20 fevereiro 2024

À flor da pele


Diego Rivera, A noite dos pobres

Antes que me esqueça dos pequenos gestos, escrevo. No convívio com meu tio Hoffman, por estes dias, a expressão de um homem firme e desgastado pelo tempo. Foram dois dias no hospital, somente eu e ele.
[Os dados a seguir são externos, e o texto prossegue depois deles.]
(* Fix an iteration $k$, a current policy $\pi_k$, and a function $M_k:\mathcal Q\to(0,\infty)$. Define \[ L^{\mathrm{Nat}}_{\pi_k}(\pi(\cdot\mid q))=\mathbb E_{o\sim\pi(\cdot\mid q)}\Bigl[\frac{r^*(q,o)-\mathbb E_{o'\sim\pi_k(\cdot\mid q)}[r^*(q,o')]}{M_k(q)}\Bigr]. \] Then for every policy $\pi$, \[ \mathbb{E}_{q\sim\rho_{\mathcal Q}}\bigl[p_{\pi}(q)-p_{\pi_k}(q)\bigr] \ge \mathbb{E}_{q\sim\rho_{\mathcal Q}}\bigl[L^{\mathrm{Nat}}_{\pi_k}(\pi(\cdot\mid q))\bigr] -2\sqrt{\mathbb{E}_{q\sim\rho_{\mathcal Q}}\Bigl(\tfrac{1-M_k(q)}{M_k(q)}\Bigr)^2}\; \sqrt{\mathbb{E}_{q\sim\rho_{\mathcal Q}}\mathrm{TV}^2\bigl(\pi(\cdot\mid q)\,\|\,\pi_k(\cdot\mid q)\bigr)}. \]
   Context: Setting: $\mathcal Q$ is a set of prompts with a probability distribution $\rho_{\mathcal Q}$; $\mathcal O$ is a countable set of responses; $r^*:\mathcal Q\times\mathcal O\to\{0,1\}$ is the true binary reward. A policy $\pi$ assigns to each $q$ a distribution $\pi(\cdot\mid q)$ on $\mathcal O$; $p_\pi(q)=\mathbb E_{o\sim\pi(\cdot\mid q)}[r^*(q,o)]$. $\mathrm{TV}(P,Q)=\sup_A|P(A)-Q(A)|$ is the total variation distance. *)

From HB Require Import structures.
From mathcomp Require Import all_boot all_order all_algebra.
From mathcomp Require Import all_classical all_reals all_analysis.
Set Implicit Arguments. Unset Strict Implicit. Unset Printing Implicit Defensive.
Import Order.TTheory GRing.Theory Num.Theory.
Local Open Scope classical_set_scope.
Local Open Scope ring_scope.
Local Open Scope ereal_scope.

Section discrete.
Context {R : realType} {O : countType}.
Lemma rate_above (mu delta : R) : 0 < mu -> 0 < delta < / mu ->
  exists B, mu < B /\ B * (/ mu - delta) < 1.
Proof.
  intros Hmu Hdelta.
  exists (mu + mu * mu * delta / 2); split.
  - assert (0 < mu * mu * delta) by (repeat apply Rmult_lt_0_compat; lra); lra.
  - replace ((mu + mu * mu * delta / 2) * (/ mu - delta))
      with (1 - mu * delta / 2 - mu * delta * (mu * delta) / 2) by (field; lra).
    assert (0 < mu * delta) by (apply Rmult_lt_0_compat; lra); nra.
Qed.

Lemma mul_exp_le_of_log_budget (r k A s theta : R) : 0 < r -> theta < 1 ->
  r <= k * exp (- A / (1 - theta)) -> s <= theta * ln (k / r) ->
  r * exp (A + s) <= k.
Proof.
  intros Hr Htheta Hrk Hs.
  assert (Hk : 0 < k).
  { assert (He := exp_pos (- A / (1 - theta))); nra. }
  assert (Hlog : A / (1 - theta) <= ln (k / r)).
  { rewrite ln_div by lra.
    assert (Hln := ln_le _ _ Hr Hrk).
    rewrite ln_mult, ln_exp in Hln by (try apply exp_pos; lra).
    unfold Rdiv in *; lra. }
  assert (HA : A <= (1 - theta) * ln (k / r)).
  { apply Rmult_le_compat_l with (r := 1 - theta) in Hlog; [| lra].
    unfold Rdiv in Hlog; rewrite <- Rmult_assoc, (Rmult_comm (1 - theta)),
      Rmult_assoc, Rinv_r, Rmult_1_r in Hlog by lra.
    exact Hlog. }
  apply Rle_trans with (r * exp (ln (k / r))).
  - apply Rmult_le_compat_l, exp_le_exp; lra.
  - rewrite exp_ln by (apply Rdiv_lt_0_compat; lra); right; field; lra.
Qed.

Lemma mu_cos_limit_eventually_bounded (a : R -> R -> R) (mu B : R) :
  converges_to_mu_cos a mu -> 0 < mu < B ->
  exists T, 0 <= T /\ forall t x, T <= t -> -PI <= x <= PI -> Rabs (a t x) <= B.
Proof.
  intros Hlim HB.
  destruct (Hlim (B - mu) ltac:(lra)) as [T HT].
  exists (Rmax T 0); split; [apply Rmax_r |].
  intros t x Ht Hx.
  specialize (HT t x ltac:(assert (H := Rmax_l T 0); lra) Hx).
  assert (Hcos := COS_bound x).
  apply Rabs_le_between in HT; apply Rabs_le_between; nra.
Qed.

Lemma mu_cos_limit_two_phase_bound (a : R -> R -> R) (mu B : R) :
  (forall t x, 0 <= t -> continuous (fun p : R * R => a (fst p) (snd p)) (t, x)) ->
  converges_to_mu_cos a mu -> 0 < mu < B ->
  exists M T, 0 <= T /\
    (forall t x, 0 <= t -> -PI <= x <= PI -> Rabs (a t x) <= M) /\
    (forall t x, T <= t -> -PI <= x <= PI -> Rabs (a t x) <= B).
Proof.
  intros Hcont Hlim HB.
  destruct (mu_cos_limit_eventually_bounded a mu B Hlim HB) as [T [HT Hlate]].
  destruct (continuity_2d_bounded_rectangle a 0 T (- PI) PI) as [M Hearly].
  { intros t x Ht Hx; apply continuity_2d_pt_filterlim, Hcont; lra. }
  exists (Rmax M B), T; split; [exact HT | split; [| exact Hlate]].
  intros t x Ht Hx; destruct (Rle_or_lt t T).
  - apply Rle_trans with M; [apply Hearly; lra | apply Rmax_l].
  - apply Rle_trans with B; [apply Hlate; lra | apply Rmax_r].
Qed.

Theorem lemma6p1 (a : R -> R -> R) (mu : R) :
  is_global_solution a ->
  even_in_x a ->
  0 < mu ->
  converges_to_mu_cos a mu ->
  forall kappa0 delta : R, 0 < kappa0 -> 0 < delta < / mu ->
  exists kappa : R, 0 < kappa < kappa0 /\
    forall (z0 : R) (z : R -> R),
      0 < Rabs z0 <= kappa ->
      is_characteristic a z0 z ->
      forall t : R, 0 <= t <= (/ mu - delta) * ln (kappa0 / Rabs z0) ->
        Rabs (z t) <= kappa0.
Proof.
  intros [a_joint [_ a_mean]] a_even mu_pos a_lim kappa0 delta kappa0_pos delta_range.
  assert (HPI := PI_RGT_0).
  destruct (rate_above mu delta mu_pos delta_range) as [B [muB theta_lt1]].
  destruct (mu_cos_limit_two_phase_bound a mu B) as [M [T [T_ge0 [a_bound a_late]]]];
    [intros t x Ht; apply a_joint, Ht | exact a_lim | lra |].
  set (theta := B * (/ mu - delta)) in theta_lt1.
  set (kappa1 := kappa0 * exp (- (M * T) / (1 - theta))).
  assert (kappa1_pos : 0 < kappa1) by (apply Rmult_lt_0_compat; [lra | apply exp_pos]).
  set (kappa := Rmin (Rmin kappa1 (PI / 2)) (kappa0 / 2)).
  assert (Hkappa : kappa <= Rmin kappa1 (PI / 2)) by apply Rmin_l.
  assert (Hkappa0 : kappa <= kappa0 / 2) by apply Rmin_r.
  assert (Hkappa1 := Rmin_l kappa1 (PI / 2)).
  assert (HkappaPI := Rmin_r kappa1 (PI / 2)).
  exists kappa; split; [split; [repeat apply Rmin_glb_lt | ]; lra |].
  intros z0 z [z0_pos z0_small] [z_init z_deriv] t Ht.
  assert (Hgrowth := characteristic_two_phase_growth a z
    (fun t x Ht => continuous_section a t x (a_joint t x Ht)) a_even a_mean z_deriv
    M B T T_ge0 ltac:(lra) a_bound a_late ltac:(rewrite z_init; lra) t (proj1 Ht)).
  rewrite z_init in Hgrowth.
  apply Rle_trans with (1 := Hgrowth), (mul_exp_le_of_log_budget _ _ _ _ theta);
    [lra | lra | fold kappa1; lra |].
  unfold theta; rewrite Rmult_assoc; apply Rmult_le_compat_l; lra.
Qed.
(* A set X of complex functions on Q(A) is a unital commutative          *)
(* C*-algebra of functions under pointwise operations, complex           *)
(* conjugation as involution and the sup norm: it contains the constants *)
(* 1 (and 0), is closed under +, *, scalar multiplication and conjugation,*)
(* all its elements have finite sup norm, and it is complete for the sup *)
(* norm.  (Commutativity, submultiplicativity and the C*-identity        *)
(* ||g^* g|| = ||g||^2 hold automatically for pointwise operations and   *)
(* the sup norm.)                                                        *)
Definition function_Cstar_algebra (X : set (stone_spectrum A -> R[i])) : Prop :=
  [/\ X (fun=> 1) /\ X (fun=> 0),
      (forall f g, X f -> X g -> X (fun x => f x + g x)) /\
      (forall f g, X f -> X g -> X (fun x => f x * g x)),
      (forall (a : R[i]) f, X f -> X (fun x => a * f x)) /\
      (forall f, X f -> X (fun x => (f x)^*)),
      (forall f, X f -> sup_bounded f)
    & (forall u : nat -> stone_spectrum A -> R[i],
         (forall n, X (u n)) ->
         (forall e : R, 0 < e -> exists N, forall m n, (N <= m)%N -> (N <= n)%N ->
              forall x, `|u m x - u n x| < e%:C) ->
         exists2 g, X g & forall e : R, 0 < e -> exists N, forall n, (N <= n)%N ->
              forall x, `|u n x - g x| < e%:C)].

End Stone.

From HB Require Import structures.
From mathcomp Require Import all_boot all_order all_algebra.
From mathcomp Require Import complex.
From mathcomp Require Import all_classical all_reals.
From mathcomp Require Import topology normedtype sequences.
From mathcomp Require Import interval_inference lra.
Import Order.TTheory Order.CTBDistrLatticeTheory GRing.Theory Num.Theory.
Import ComplexField.
Import numFieldNormedType.Exports.
Local Open Scope ring_scope.
Local Open Scope classical_set_scope.
Local Open Scope complex_scope.

(* A bounded complex spectral family is determined by its two marginals [l |-> E l b] and *)
(* [mu |-> E b mu] (for [b] an upper bound), and [f_E] is the pair of their spectral values *)
(* [x |-> inf {l | E l b \in x}].  The spectral value of a monotone family is continuous on *)
(* the Stone spectrum, because [x] contains [E l b] just above the value and its complement *)
(* just below.  Injectivity follows from right continuity and the Stone representation *)
(* ([a <= b] as soon as every maximal dual ideal containing [a] contains [b]).  For *)
(* surjectivity, compactness of the Stone spectrum gives for [p < q] an element containing *)
(* [{h <= p}] and contained in [{h < q}]; sigma-completeness turns countable meets of these *)
(* into a real spectral family with spectral value [h], and the meets of the families for *)
(* [Re g] and [Im g] form the required [E].  The C*-algebra part reduces to the closure of *)
(* real-valued continuous functions under ring operations and uniform limits. *)

Section StoneSpectrum.
Context {d : Order.disp_t} {A : ctbDistrLatticeType d}.
Local Notation S := (stone_spectrum A).
Local Open Scope order_scope.
Implicit Types (B F : set A) (a b : A).

Lemma dual_ideal_top {B} : dual_ideal B -> B \top.
Proof. by case=> -[a Ba] up _ _; apply: up Ba _; exact: lex1. Qed.

Lemma dual_ideal_up {B a b} : dual_ideal B -> B a -> a <= b -> B b.
Proof. by case=> _ up _ _; exact: up. Qed.

Lemma dual_ideal_bot {B} : dual_ideal B -> ~ B \bot.
Proof. by case. Qed.

Lemma dual_idealI {B a b} : dual_ideal B -> B (a `&` b) <-> B a /\ B b.
Proof.
move=> dB; split; last by case: dB => _ _ _ mI [] /mI; apply.
by move=> Bab; split; apply: dual_ideal_up dB Bab _; rewrite ?leIl ?leIr.
Qed.

Lemma dual_ideal_compl {B a} : dual_ideal B -> B a -> ~ B (~` a).
Proof.
move=> dB Ba Bc; apply: (dual_ideal_bot dB).
by rewrite -(meetxC a); apply/dual_idealI.
Qed.

Lemma dual_ideal_meet_seq {B} (s : seq A) (f : A -> A) : dual_ideal B ->
  B (\meet_(a <- s) f a) <-> (forall a, a \in s -> B (f a)).
Proof.
move=> dB; elim: s => [|b s IH]; first by rewrite big_nil; split=> // _; exact: dual_ideal_top.
rewrite big_cons dual_idealI // IH; split.
  by case=> Bb Bs a; rewrite inE => /orP[/eqP->|/Bs].
by move=> Bs; split=> [|a sa]; apply: Bs; rewrite inE ?eqxx ?sa ?orbT.
Qed.

(* Otherwise the dual ideal generated by [B] and [a] would properly extend [B]. *)
Lemma maximal_dual_idealC {B a} : maximal_dual_ideal B -> ~ B a -> B (~` a).
Proof.
move=> [dB maxB] nBa; apply: contrapT => nBc.
pose C := [set c | exists2 b, B b & b `&` a <= c].
have dC : dual_ideal C.
  split.
  - by exists a; exists \top; [exact: dual_ideal_top | rewrite meet1x].
  - by move=> x y [b Bb bx] xy; exists b => //; exact: le_trans xy.
  - move=> [b Bb]; rewrite lex0 => /eqP ba0; apply: nBc; apply: dual_ideal_up dB Bb _.
    by rewrite -[b]meetx1 -(joinxC a) meetUr ba0 join0x leIr.
  - move=> x y [b Bb bx] [c Bc cy]; exists (b `&` c); first exact/dual_idealI.
    by rewrite lexI (le_trans _ bx) ?(le_trans _ cy) // leI2 ?leIl ?leIr.
have BC : B `<=` C by move=> b Bb; exists b => //; exact: leIl.
by apply: nBa; rewrite -(maxB C dC BC); exists \top; [exact: dual_ideal_top | rewrite meet1x].
Qed.

Lemma maximal_dual_idealU {B a b} : maximal_dual_ideal B -> B (a `|` b) -> B a \/ B b.
Proof.
move=> mB Bab; apply: contrapT => /not_orP[/(maximal_dual_idealC mB) Ba /(maximal_dual_idealC mB) Bb].
by apply: (dual_ideal_compl mB.1 Bab); rewrite complU; apply/dual_idealI => //; exact: mB.1.
Qed.

Lemma maximal_dual_ideal_join_seq {B} {s : seq A} {P : pred A} : maximal_dual_ideal B ->
  B (\join_(a <- s | P a) a) -> exists2 a, a \in s & P a /\ B a.
Proof.
move=> mB; elim: s => [|a s IH]; first by rewrite big_nil => /(dual_ideal_bot mB.1).
rewrite big_cons; case: ifP => [Pa /(maximal_dual_idealU mB)[Ba|]|_]; first by exists a; rewrite ?mem_head.
all: by move=> /IH[b sb Pb]; exists b; rewrite // inE sb orbT.
Qed.

(* Zorn's lemma, applied to the dual ideals containing [F] together with the empty set, *)
(* so that the empty chain has an upper bound too. *)
Lemma maximal_dual_ideal_ext {F} : dual_ideal F -> exists2 B, maximal_dual_ideal B & F `<=` B.
Proof.
move=> dF; pose P C := C = set0 \/ (dual_ideal C /\ F `<=` C).
have [G GP totG|M [PM Mmax]] := @Zorn_bigcup A P.
- have [allE|/existsNP[X0 /not_implyP[GX0 X0n]]] := pselect (forall X, G X -> X = set0).
    by left; apply/seteqP; split=> x // [X /allE ->].
  have [//|[dX0 FX0]] := GP X0 GX0.
  right; split; last by move=> x Fx; exists X0 => //; exact: FX0.
  have GPd X x : G X -> X x -> dual_ideal X.
    by move=> GX Xx; have [X0e|[]//] := GP X GX; rewrite X0e in Xx.
  split.
  + by case: dX0 => -[x Xx] _ _ _; exists x; exists X0.
  + by move=> a b [X GX Xa] ab; exists X => //; exact: dual_ideal_up (GPd X a GX Xa) Xa ab.
  + by move=> [X GX Xb]; exact: dual_ideal_bot (GPd X _ GX Xb) Xb.
  + move=> a b [X GX Xa] [Y GY Yb].
    have [XY|YX] := totG X Y GX GY.
    * by exists Y => //; apply/(dual_idealI (GPd Y b GY Yb)); split => //; exact: XY.
    * by exists X => //; apply/(dual_idealI (GPd X a GX Xa)); split => //; exact: YX.
- have [M0|[dM FM]] := PM.
    case: (dF) => -[x Fx] _ _ _; exfalso; apply: (Mmax F); last by right; split.
    by rewrite M0; split=> [y //|/(_ x Fx)].
  exists M => //; split=> // C dC MC; apply: contrapT => CM.
  apply: (Mmax C); last by right; split => //; exact: subset_trans MC.
  by split=> // CsM; apply: CM; exact/seteqP.
Qed.

Lemma stone_point_dual_ideal (x : S) : dual_ideal (sval x).
Proof. exact: (proj2_sig x).1. Qed.

Lemma stone_point_maximal (x : S) : maximal_dual_ideal (sval x).
Proof. exact: proj2_sig x. Qed.

Lemma stone_le a b : (forall x : S, sval x a -> sval x b) -> a <= b.
Proof.
move=> ab; apply: contrapT => nab.
have dF : dual_ideal [set c | a `&` ~` b <= c].
  split.
  - by exists \top; exact: lex1.
  - by move=> x y /= h1 h2; exact: le_trans h2.
  - rewrite /= lex0 => /eqP ab0; apply: nab.
    by rewrite -[a]meetx1 -(joinxC b) meetUr ab0 joinx0 leIr.
  - by move=> x y /= h1 h2; rewrite lexI h1 h2.
have [B mB FB] := maximal_dual_ideal_ext dF.
have /(dual_idealI mB.1)[Ba Bnb] := FB _ (lexx (a `&` ~` b)).
exact: dual_ideal_compl mB.1 (ab (exist _ B mB) Ba) Bnb.
Qed.

Lemma stone_finite_subcover (D : set A) :
  (forall x : S, exists2 a, D a & sval x a) ->
  exists s : seq A, (forall a, a \in s -> D a) /\ (forall x : S, exists2 a, a \in s & sval x a).
Proof.
move=> cov; apply: contrapT => ncov.
pose F := [set c | exists2 s : seq A, (forall a, a \in s -> D a) & \meet_(a <- s) ~` a <= c].
have dF : dual_ideal F.
  split.
  - by exists \top; exists [::] => //; rewrite big_nil.
  - by move=> x y [s Ds sx] xy; exists s => //; exact: le_trans xy.
  - move=> [s Ds]; rewrite lex0 => /eqP s0; apply: ncov; exists s; split => // x.
    apply: contrapT => nx.
    have : sval x (\meet_(a <- s) ~` a).
      apply/(dual_ideal_meet_seq _ _ (stone_point_dual_ideal x)) => a sa.
      by apply: (maximal_dual_idealC (stone_point_maximal x)) => xa; apply: nx; exists a.
    by rewrite s0; exact: dual_ideal_bot (stone_point_dual_ideal x).
  - move=> x y [s Ds sx] [t Dt ty]; exists (s ++ t).
      by move=> a; rewrite mem_cat => /orP[/Ds|/Dt].
    by rewrite big_cat /= leI2.
have [B mB FB] := maximal_dual_ideal_ext dF.
have [a Da Ba] := cov (exist _ B mB).
apply: (dual_ideal_compl mB.1 Ba); apply: FB; exists [:: a].
  by move=> c; rewrite inE => /eqP->.
by rewrite big_cons big_nil meetx1.
Qed.

End StoneSpectrum.

Section ComplexParts.
Context {R : rcfType}.
Implicit Types w z : R[i].

Lemma normc_ge_Im w : `|complex.Im w|%:C <= `|w|.
Proof. by case: w => a b; simpc; rewrite -sqrtr_sqr ler_wsqrtr // lerDr sqr_ge0. Qed.

Lemma normc_le_ReIm w : `|w| <= (`|complex.Re w| + `|complex.Im w|)%:C.
Proof.
case: w => a b; simpc => /=.
have -> : `|a| + `|b| = Num.sqrt ((`|a| + `|b|) ^+ 2) by rewrite sqrtr_sqr [RHS]ger0_norm ?addr_ge0.
apply: ler_wsqrtr.
by rewrite sqrrD !real_normK ?num_real // -addrA lerD2l lerDr mulrn_wge0 // mulr_ge0.
Qed.

Lemma ReB w z : complex.Re (w - z) = complex.Re w - complex.Re z.
Proof. by case: w; case: z. Qed.

Lemma ImB w z : complex.Im (w - z) = complex.Im w - complex.Im z.
Proof. by case: w; case: z. Qed.

Lemma ReD w z : complex.Re (w + z) = complex.Re w + complex.Re z.
Proof. by case: w; case: z. Qed.

Lemma ImD w z : complex.Im (w + z) = complex.Im w + complex.Im z.
Proof. by case: w; case: z. Qed.

Lemma ReM w z : complex.Re (w * z) = complex.Re w * complex.Re z - complex.Im w * complex.Im z.
Proof. by case: w; case: z. Qed.

Lemma ImM w z : complex.Im (w * z) = complex.Re w * complex.Im z + complex.Im w * complex.Re z.
Proof. by case: w; case: z. Qed.

Lemma ReJ w : complex.Re w^* = complex.Re w.
Proof. by case: w. Qed.

Lemma ImJ w : complex.Im w^* = - complex.Im w.
Proof. by case: w. Qed.

End ComplexParts.

Lemma complex_open_ball {R : realType} (z : R[i]) (e : R) :
  complex_open [set w | `|w - z| < e%:C].
Proof.
move=> w /= wz; have := wz; rewrite ltcE => /andP[_ wz'].
exists (e - complex.Re `|w - z|); first by rewrite subr_gt0.
move=> v /= vw.
have -> : e%:C = (e - complex.Re `|w - z|)%:C + `|w - z|.
  by rewrite -[X in _ + X]RRe_real ?normr_real // -rmorphD subrK.
apply: le_lt_trans (_ : `|v - z| <= `|v - w| + `|w - z|) _; last by rewrite ltrD2r.
by rewrite -{1}(subrK w v) -addrA ler_normD.
Qed.

Section StoneFunctions.
Context {d : Order.disp_t} {A : ctbDistrLatticeType d} {R : realType}.
Local Notation S := (stone_spectrum A).
Implicit Types (x y : S) (h : S -> R).

Definition real_stone_continuous h : Prop :=
  forall x (e : R), 0 < e -> exists2 a, sval x a & forall y, sval y a -> `|h y - h x| < e.

Lemma stone_continuousP (g : S -> R[i]) : stone_continuous g <->
  real_stone_continuous (fun x => complex.Re (g x)) /\
  real_stone_continuous (fun x => complex.Im (g x)).
Proof.
split=> [gc|[cRe cIm] U oU x Ux].
  have near_gx x e : 0 < e ->
      exists2 a, sval x a & forall y, sval y a -> `|g y - g x| < e%:C.
    move=> e0; have [|s [xs sU]] := gc _ (complex_open_ball (g x) e) x.
      by rewrite /= subrr normr0 ltcR.
    exists (\meet_(a <- s) a)%O; first exact/(dual_ideal_meet_seq _ _ (stone_point_dual_ideal x)).
    move=> y /(dual_ideal_meet_seq _ _ (stone_point_dual_ideal y)) ys; exact: sU.
  split=> x e /(near_gx x)[a xa gxa]; exists a => // y /gxa; rewrite -ltcR.
    by rewrite -ReB; exact: le_lt_trans (normc_ge_Re _).
  by rewrite -ImB; exact: le_lt_trans (normc_ge_Im _).
have [e e0 eU] := oU _ Ux; have e2 : 0 < e / 2 by rewrite divr_gt0.
have [a1 xa1 Ha1] := cRe x _ e2; have [a2 xa2 Ha2] := cIm x _ e2.
exists [:: a1; a2]; split=> [a|y ya]; first by rewrite !inE => /orP[]/eqP->.
apply: eU; apply: le_lt_trans (normc_le_ReIm _) _; rewrite ltcR ReB ImB.
have := Ha1 y (ya _ (mem_head _ _)); have := Ha2 y (ya a2 _); rewrite ?inE ?eqxx ?orbT //.
lra.
Qed.

Lemma real_stone_continuous_cst (c : R) : real_stone_continuous (fun=> c).
Proof.
move=> x e e0; exists \top%O; first exact: dual_ideal_top (stone_point_dual_ideal x).
by move=> y _; rewrite subrr normr0.
Qed.

Lemma real_stone_continuousN h : real_stone_continuous h ->
  real_stone_continuous (fun x => - h x).
Proof.
move=> hc x e /(hc x)[a xa Ha]; exists a => // y /Ha.
by rewrite -opprD normrN.
Qed.

Lemma real_stone_continuousD h1 h2 : real_stone_continuous h1 -> real_stone_continuous h2 ->
  real_stone_continuous (fun x => h1 x + h2 x).
Proof.
move=> hc1 hc2 x e e0; have e2 : 0 < e / 2 by rewrite divr_gt0.
have [a1 xa1 Ha1] := hc1 x _ e2; have [a2 xa2 Ha2] := hc2 x _ e2.
exists (a1 `&` a2)%O; first exact/(dual_idealI (stone_point_dual_ideal x)).
move=> y /(dual_idealI (stone_point_dual_ideal y))[/Ha1 ya1 /Ha2 ya2].
rewrite opprD addrACA; apply: le_lt_trans (ler_normD _ _) _; lra.
Qed.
Noites que passaram silenciosas, que escorreram como córregos condenados. Sua mão segurava a minha com força, nas limpezas e trocas de lençóis. O olhar sereno não se despregava de uma hipotética visão débil, que lhe sorria com compaixão. Quando permanecemos a sós, continuei segurando sua mão, dizendo-lhe que contaria histórias. Ele aprovou, e ao longo da narrativa, o mesmo olhar incerto, um delicado sorriso por talvez reconhecer-se como protagonista da narrativa. E depois, o mergulho no mesmo sono das horas indefinidas.

Já em casa, em uma das noites, outra vez as mãos que se agarram, sinto a textura forte da pele e da carne de seus dedos, de sua palma, é uma mão que não difere de outras tantas. Pergunto se está tudo bem, ele me responde com clareza, ‘maravilhoso’. Permaneço um pouco mais, seus olhos na penumbra, tão atentos quando nas ocasiões em que se põe alerta. Digo-lhe que contarei mais histórias e pergunto se gostaria de ouvir, ‘é’... a resposta que assente de modo positivo, mais simples de dizer do que ‘sim, quero continuar a ouvir’... Ficamos conectados mais um tempo pelas mãos, retorna o balbucio de palavras indecifráveis, e logo pronuncia um ‘eu te amo’ límpido e fulminante. Precisei aguardar toda uma vida para testemunhar tamanha emoção.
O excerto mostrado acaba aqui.